Is There An Explanation For This Tophat "Yt" Descriptor Discrepancy In My Sam Output?
0
1
Entering edit mode
9.2 years ago
Dan D 7.3k

I was given some TCGA BAM files and asked to perform a realignment with some specific requirements. While perusing the results of an alignment in IGV I noticed something strange. As far as I can tell, everything in the read data pop-up dialogs tells me that I'm looking at paired-end reads that mapped as pairs, except for the YT tag which is always UU.

The read names in a mapped pair are 100% identical and pulled from separate FASTQ files. I'm seeing this with every read I check, and I've spot checked reads from random places on five different chromosomes.

Here's the tophat v2.0.9 command that I ran:

/usr/local/bin/tophat --output-dir /data/deedee/rnaseq/efb596b4 --max-multihits 2 -p 4 --b2-very-sensitive --library-type fr-unstranded /data/iGenomes/Homo_sapiens/UCSC/hg19/Sequence/Bowtie2Index/genome efb596b4_R1.fastq efb596b4_R2.fastq


Does anyone have any ideas about what's going on here?
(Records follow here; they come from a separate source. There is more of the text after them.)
(* Assume $\rho_\alpha^{\mathrm{dir}}<1$, and let $\theta^\star$ be the unique projected Bellman fixed point. Fix $\varepsilon>0$ with $\beta_\varepsilon:=\rho_\alpha^{\mathrm{dir}}+\varepsilon<1$, and let $p_\varepsilon$ and $C_\varepsilon$ be as described in the context. Assume additionally that \[ \lambda_\varepsilon:=\beta_\varepsilon+2\alpha\sqrt{C_\varepsilon}(1+\gamma)\phi_{\max}^2<1. \] Let \[ K:=2\alpha\sqrt{C_\varepsilon}\,\phi_{\max}\big(R_{\max}+(1+\gamma)\|\Phi\theta^\star\|_\infty\big). \] Then for all $k\ge0$, with $x_k:=\theta_k-\theta^\star$, we have \[ \mathbb E[p_\varepsilon(x_k)]\le\lambda_\varepsilon^k p_\varepsilon(x_0)+\frac{K}{1-\lambda_\varepsilon}(1-\lambda_\varepsilon^k), \] \[ \mathbb E[\|\theta_k-\theta^\star\|_2]\le\sqrt{C_\varepsilon}\,\lambda_\varepsilon^k\|\theta_0-\theta^\star\|_2+\frac{K}{1-\lambda_\varepsilon}, \] \[ \limsup_{k\to\infty}\mathbb E[\|\theta_k-\theta^\star\|_2]\le\frac{K}{1-\lambda_\varepsilon}, \] \[ \mathbb E[\|\Phi\theta_k-\Phi\theta^\star\|_2]\le\|\Phi\|_2\Big(\sqrt{C_\varepsilon}\lambda_\varepsilon^k\|\theta_0-\theta^\star\|_2+\frac{K}{1-\lambda_\varepsilon}\Big). \]
   Context: Consider a finite discounted MDP with state space $\mathcal S=\{1,\dots,|\mathcal S|\}$, action space $\mathcal A=\{1,\dots,|\mathcal A|\}$, transition probabilities $P(s'\mid s,a)$, real rewards $r(s,a,s')$, expected reward $R(s,a)=\sum_{s'}P(s'\mid s,a)r(s,a,s')$, and discount factor $\gamma\in(0,1)$. Let $R_{\max}:=\max_{s,a,s'}|r(s,a,s')|$. State-action vectors are ordered as $(1,1),(2,1),\dots,(|\mathcal S|,1),(1,2),\dots$. The matrix $P\in\mathbb R^{|\mathcal S||\mathcal A|\times|\mathcal S|}$ has rows $P(\cdot\mid s,a)$, and $R$ is the vector with entries $R(s,a)$. The set $\Theta$ is the finite set of deterministic stationary policies $\pi:\mathcal S\to\mathcal A$. For $\pi\in\Theta$, $\Pi^\pi\in\mathbb R^{|\mathcal S|\times|\mathcal S||\mathcal A|}$ has entry $1$ at row $s$, column $(s,\pi(s))$, and zeros elsewhere. The feature matrix $\Phi\in\mathbb R^{|\mathcal S||\mathcal A|\times m}$ has full column rank and rows $\phi(s,a)^\top$. Let $\phi_{\max}:=\max_{s,a}\|\phi(s,a)\|_2$, and define $V_\theta(s):=\max_a\phi(s,a)^\top\theta$. The distribution $d$ on $\mathcal S\times\mathcal A$ satisfies $d(s,a)>0$ for all pairs, and $D=\mathrm{diag}(d)$. The step size is $\alpha\in(0,1)$. Define $g(\theta):=\Phi^\top D(R+\gamma PV_\theta-\Phi\theta)$. A projected Bellman fixed point is a $\theta^\star$ with $g(\theta^\star)=0$. For $\pi\in\Theta$, define $A_\pi:=I-\alpha\Phi^\top D\Phi+\alpha\gamma\Phi^\top DP\Pi^\pi\Phi$. Let $\rho_\alpha^{\mathrm{dir}}$ be the joint spectral radius $\lim_k\max_{\pi_1,\dots,\pi_k}\|A_{\pi_k}\cdots A_{\pi_1}\|^{1/k}$ of $\{A_\pi:\pi\in\Theta\}$. When $\rho_\alpha^{\mathrm{dir}}<1$, a projected Bellman fixed point exists and is unique. Lyapunov norm: for $\beta_\varepsilon<1$ as in the claim, set \[ V_\varepsilon^\infty(x):=\lim_{t\to\infty}\sum_{\ell=0}^{t}\beta_\varepsilon^{-2\ell}\max_{\pi_1,\dots,\pi_\ell\in\Theta}\|A_{\pi_\ell}\cdots A_{\pi_1}x\|_2^2, \] where the $\ell=0$ term is $\|x\|_2^2$, and set $p_\varepsilon:=\sqrt{V_\varepsilon^\infty}$ (a norm). Let $C_\varepsilon\ge1$ be a constant with $\|x\|_2^2\le V_\varepsilon^\infty(x)\le C_\varepsilon\|x\|_2^2$ for all $x\in\mathbb R^m$ (such a constant exists). i.i.d. linear Q-learning: $\theta_0\in\mathbb R^m$ is deterministic. At each time $k$, $(s_k,a_k)$ is drawn independently according to $d$, then $s'_k\sim P(\cdot\mid s_k,a_k)$, and $r_{k+1}:=r(s_k,a_k,s'_k)$. The update is \[ \theta_{k+1}=\theta_k+\alpha\phi(s_k,a_k)\Big(r_{k+1}+\gamma\max_{u\in\mathcal A}\phi(s'_k,u)^\top\theta_k-\phi(s_k,a_k)^\top\theta_k\Big). \] *)

From HB Require Import structures.
From mathcomp Require Import all_boot all_order all_algebra.
From mathcomp Require Import all_classical all_reals all_analysis.
Set Implicit Arguments. Unset Strict Implicit. Unset Printing Implicit Defensive.
Import Order.TTheory GRing.Theory Num.Theory.
Local Open Scope ring_scope.
Local Open Scope classical_set_scope.
Lemma scan_step_wf (st : scan_state T) (u w : T) :
  scan_wf st -> adj c u -> adj u w -> w != c -> u \notin record st w ->
  scan_wf (scan_step adj c u st w).
Proof.
move=> [sound inI urec] cu uw wc uw_new; split.
- move=> y v; rewrite record_scan_step.
  case: ifP => [/and3P[/eqP-> _ _]|_]; last exact: sound.
  by rewrite mem_rcons inE => /orP[/eqP->|/sound].
- move=> p /I_scan_step[/inI[y [a [b [s [Ey ->]]]]]|[v [cw Ew ->]]].
    exists y, a, b, s; rewrite record_scan_step.
    by case: ifP => [/and3P[/eqP ey _]|_]; rewrite ?ey -?ey Ey.
  exists w, v, u, [::]; rewrite record_scan_step Ew eqxx cw /=.
  by split; [|rewrite setUC].
- move=> y; rewrite record_scan_step.
  by case: ifP => _; rewrite ?rcons_uniq ?uw_new ?urec.
Qed.

Variables (P : scan_state T -> Prop) (ordn : T -> seq T).

Hypothesis P_step : forall st u w, scan_wf st -> P st ->
  adj c u -> adj u w -> w != c -> u \notin record st w ->
  P (scan_step adj c u st w).

(* Processing the neighbours L of the primal vertex u: each w \in L is met
   once, so u is never recorded twice; records only gain u. *)
Lemma scan_inner (u : T) (L : seq T) (st : scan_state T) :
  adj c u -> uniq L -> (forall w, w \in L -> adj u w /\ w != c) ->
  (forall y, y \in L -> u \notin record st y) -> scan_wf st -> P st ->
  let st' := foldl (scan_step adj c u) st L in
  [/\ scan_wf st', P st' & forall y, {subset record st' y <= u :: record st y}].
Proof.
elim: L st => [|w L IH] st cu /=.
  by move=> *; split=> // y v vy; rewrite inE vy orbT.
case/andP=> wL uL nbrs fresh wf Pst.
have [uw wc] := nbrs w (mem_head _ _).
have uw_new := fresh w (mem_head _ _).
have fresh' y : y \in L -> u \notin record (scan_step adj c u st w) y.
  move=> yL; rewrite record_scan_step_other; first by apply: fresh; rewrite inE yL orbT.
  by apply: contraNneq wL => <-.
have [wf' P' sub] := IH _ cu uL (fun w' h => nbrs w' (@mem_behead _ (w :: L) _ h)) fresh'
  (scan_step_wf wf cu uw wc uw_new) (P_step wf Pst cu uw wc uw_new).
split=> // y v /sub; rewrite inE => /predU1P[->|/record_scan_step_sub//].
exact: mem_head.
Qed.

Lemma scan_outer (R : seq T) (st : scan_state T) :
  uniq R -> (forall u, u \in R -> adj c u) ->
  (forall u, u \in N adj c -> perm_eq (ordn u) (enum [set w | adj u w & w != c])) ->
  (forall y v, v \in record st y -> v \notin R) -> scan_wf st -> P st ->
  P (foldl (fun st u => foldl (scan_step adj c u) st (ordn u)) st R).
Proof.
elim: R st => [|u R IH] st //= /andP[uR uniqR] primal ordn_ok fresh wf Pst.
have cu := primal u (mem_head _ _).
have permu : perm_eq (ordn u) (enum [set w | adj u w & w != c]).
  by apply: ordn_ok; rewrite inE.
have uniq_nbrs : uniq (ordn u) by rewrite (perm_uniq permu) enum_uniq.
have nbrs w : w \in ordn u -> adj u w /\ w != c.
  by rewrite (perm_mem permu) mem_enum inE => /andP[].
have u_fresh y : y \in ordn u -> u \notin record st y.
  by move=> _; apply/negP => /fresh; rewrite mem_head.
have [wf' P' sub] := scan_inner cu uniq_nbrs nbrs u_fresh wf Pst.
apply: IH => // [u' u'R|y v /sub]; first by apply: primal; rewrite inE u'R orbT.
rewrite inE => /predU1P[->//|/fresh]; by rewrite inE negb_or => /andP[].
Qed.

Lemma scan_invariant (ordc : seq T) :
  valid_order adj c ordc ordn -> P (ScanState set0 set0 (fun _ => [::])) ->
  P (scan adj c ordc ordn).
Proof.
move=> [permc ordn_ok] Pinit; apply: scan_outer => //.
- by rewrite (perm_uniq permc) enum_uniq.
- by move=> u; rewrite (perm_mem permc) mem_enum inE.
- exact: scan_wf_init.
Qed.

End ScanInvariant.

Section UniqueSquare.

Variables (T : finType) (adj : rel T) (c u1 u2 x : T).
Hypotheses (adj_sym : symmetric adj) (cu1 : adj c u1) (cu2 : adj c u2).

Lemma unique_square_common_nbrs :
  unique_square adj c u1 u2 -> top_vertex adj c u1 u2 x ->
  forall w, adj u1 w -> adj u2 w -> w != c -> w = x.
Proof.
move=> sq [xc u1x u2x] w u1w u2w wc.
have cx : c \in N adj u1 :&: N adj u2 by rewrite !inE -!(adj_sym c) cu1 cu2.
have xx : x \in N adj u1 :&: N adj u2 by rewrite !inE u1x u2x.
have wx : w \in N adj u1 :&: N adj u2 by rewrite !inE u1w u2w.
move: wx; rewrite (card2_set2 sq cx xx); last by rewrite eq_sym.
by rewrite !inE (negbTE wc) => /eqP.
Qed.

Lemma unique_top_primal_nbrs :
  u1 != u2 -> adj u1 x -> adj u2 x -> unique_top adj c x ->
  forall v, adj c v -> adj v x -> v = u1 \/ v = u2.
Proof.
move=> u12 u1x u2x top v cv vx.
have u1N : u1 \in N adj x :&: N adj c by rewrite !inE -(adj_sym u1) u1x cu1.
have u2N : u2 \in N adj x :&: N adj c by rewrite !inE -(adj_sym u2) u2x cu2.
have vN : v \in N adj x :&: N adj c by rewrite !inE -(adj_sym v) vx cv.
by move: vN; rewrite (card2_set2 top u1N u2N u12) !inE => /orP[]/eqP; auto.
Qed.

Hypotheses (u12 : u1 != u2) (nu12 : ~~ adj u1 u2).
Hypothesis common_nbrs : forall w, adj u1 w -> adj u2 w -> w != c -> w = x.
Hypothesis primal_nbrs : forall v, adj c v -> adj v x -> v = u1 \/ v = u2.

Lemma pair_common_nbr (a b w : T) :
  [set a; b] = [set u1; u2] -> adj a w -> adj b w -> w != c -> w = x.
Proof.
by case/(set2_eq u12) => -[-> ->] aw bw; [apply: common_nbrs | apply: common_nbrs].
Qed.

Lemma no_three_primal_nbrs (a b d : T) :
  uniq [:: a; b; d] -> adj c a -> adj c b -> adj c d ->
  adj a x -> adj b x -> adj d x -> False.
Proof.
move=> abd ca cb cd ax bx dx.
move: abd; case: (primal_nbrs ca ax) => ->; case: (primal_nbrs cb bx) => ->;
  by case: (primal_nbrs cd dx) => ->; rewrite /= !inE ?eqxx ?orbT ?orTb ?andbF.
Qed.

Lemma forbidden_pair_step (st : scan_state T) (u w : T) :
  scan_wf adj c st -> [set u1; u2] \notin A_list st ->
  adj c u -> adj u w -> w != c -> u \notin record st w ->
  [set u1; u2] \notin A_list (scan_step adj c u st w).
Proof.
move=> [sound inI urec] qA cu uw wc uw_new.
apply/negP => /A_scan_step[qA'|[[_ Ep]|[v [Ew Ep qI]]|[v1 [v2 [s [Ew qin]]]]]].
- by rewrite qA' in qA.
- case/(set2_eq u12): (esym Ep) => -[e1 e2]; move: nu12; rewrite -e1 -e2.
    by rewrite uw.
  by rewrite adj_sym uw.
- have /sound[_ vw _] : v \in record st w by rewrite Ew mem_head.
  have wx := pair_common_nbr (esym Ep) uw vw wc.
  have [y [a [b [s [Ey Eab]]]]] := inI _ qI.
  have /sound[_ ay yc] : a \in record st y by rewrite Ey mem_head.
  have /sound[_ by' _] : b \in record st y by rewrite Ey !inE eqxx orbT.
  have yx := pair_common_nbr (esym Eab) ay by' yc.
  by move: Ey; rewrite yx -wx Ew.
- have /sound[cv1 v1w _] : v1 \in record st w by rewrite Ew mem_head.
  have /sound[cv2 v2w _] : v2 \in record st w by rewrite Ew !inE eqxx orbT.
  have wx : w = x.
    move: qin; rewrite !inE => /orP[/orP[]|] /eqP/esym Ep.
    - exact: pair_common_nbr Ep v1w v2w wc.
    - exact: pair_common_nbr Ep v1w uw wc.
    - exact: pair_common_nbr Ep v2w uw wc.
  subst w; apply: (no_three_primal_nbrs _ cv1 cv2 cu v1w v2w uw).
  have := urec x; move: uw_new; rewrite Ew /= !inE !negb_or.
  by case/and3P=> uv1 uv2 _ /and3P[/andP[-> _] _ _]; rewrite !(eq_sym _ u) uv1 uv2.
Qed.

End UniqueSquare.

Theorem mainTheorem3 (T : finType) (adj : rel T) (c : T)
    (ordc : seq T) (ordn : T -> seq T) (u1 u2 : T) :
  simple_graph adj ->
  connected_graph adj ->
  valid_order adj c ordc ordn ->
  adj c u1 -> adj c u2 ->
  beta adj c ordc ordn u1 u2 ->
  ~ unique_chordless_square_unique_top adj c u1 u2.
Proof.
move=> [adj_sym _] _ valid cu1 cu2 beta12
  [_ _ u12 sq [x [topx [nu12 _] topu]]].
have [_ u1x u2x] := topx.
have common := unique_square_common_nbrs adj_sym cu1 cu2 sq topx.
have primal := unique_top_primal_nbrs adj_sym cu1 cu2 u12 u1x u2x topu.
have pair_not_init : [set u1; u2] \notin A_list (ScanState set0 set0 (fun _ => [::])).
  by rewrite inE.
have := scan_invariant (P := fun st => [set u1; u2] \notin A_list st)
  (forbidden_pair_step adj_sym u12 nu12 common primal) valid pair_not_init.
by rewrite -/(beta adj c ordc ordn u1 u2) beta12.
Qed.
More background follows in case it's useful:

In the initial BAM file, the read names were a mess. They had /1 and /2 attached to the end of the read names, sometimes twice. I wrote a script to remove these /1 and /2 values from the ends of the read names. I used bedtools bamtofastq to convert these query-sorted, cleaned BAM files to a pair of FASTQ files. From there I ran the tophat command above.

igv sam tophat bowtie • 3.2k views
1
Entering edit mode

I wonder if this is an artifact of how the reads are aligned. Since the pairs are aligned separately, in part at least, I wonder if tophat just doesn't reset this auxiliary tag.

0
Entering edit mode

Very interesting suggestion. I'm going to pursue this further and see what I can find out. Thanks!

0
Entering edit mode

Please report back if that turns out to be the case (or not). I'd like to know as well!

0
Entering edit mode

I checked some output generated by a colleague and I'm seeing the same thing in those data as well. I bet your suggestion is correct. I went ahead and posted on the Tuxedo Tools message board to see if they can confirm.